**WHAT THE TASK ASKS:** Each line from the one containing "move=> [noeth _]" through the final line of the data below must be repeated exactly.

Collected data entries:
Theorem proposition3p1p2 (R : unitRingType) (q : R) (s d : R -> R)
  (N : R -> Prop) (n : nat) :
  noetherian R ->
  q \is a GRing.unit -> central q ->
  is_q_skew_derivation q s d ->
  is_sigma_ideal s N ->
  (0 < n)%N ->
  (forall x, setpow N n x -> iter n d x = 0) ->
  qfact q n \is a GRing.unit ->
  subsetR (setpow (imageR d N) n) N /\
  ((forall x, N x <-> prime_radical x) -> subsetR (imageR d N) N).
Proof.
move=> [noeth _] _ q_central [[s_aut dD dM] d_s s_q d_q] [N_ideal N_s] n_gt0 N_nil qfact_unit.
split.
  exact: (setpow_d_sub s_aut dD dM d_s s_q d_q q_central N_ideal N_s noeth N_nil qfact_unit).
move=> N_rad _ [a [Na ->]]; apply/N_rad => P P_prime.
apply: (prime_ideal_pow (k := n.-1) P_prime (ideal_dN_ideal s_aut dD dM N_ideal N_s)).
  move=> l lI; rewrite prednK // => size_l; apply: (N_rad _).1 P P_prime.
  exact: (prod_ideal_dN_in s_aut dD dM d_s s_q d_q q_central N_ideal N_s noeth N_nil
    qfact_unit lI size_l).
by exists a; rewrite // subrr; apply: ideal0 N_ideal.
Qed.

**THE ANSWER:**
move=> [noeth _] _ q_central [[s_aut dD dM] d_s s_q d_q] [N_ideal N_s] n_gt0 N_nil qfact_unit.
split.
  exact: (setpow_d_sub s_aut dD dM d_s s_q d_q q_central N_ideal N_s noeth N_nil qfact_unit).
move=> N_rad _ [a [Na ->]]; apply/N_rad => P P_prime.
apply: (prime_ideal_pow (k := n.-1) P_prime (ideal_dN_ideal s_aut dD dM N_ideal N_s)).
  move=> l lI; rewrite prednK // => size_l; apply: (N_rad _).1 P P_prime.
  exact: (prod_ideal_dN_in s_aut dD dM d_s s_q d_q q_central N_ideal N_s noeth N_nil
    qfact_unit lI size_l).
by exists a; rewrite // subrr; apply: ideal0 N_ideal.
Qed.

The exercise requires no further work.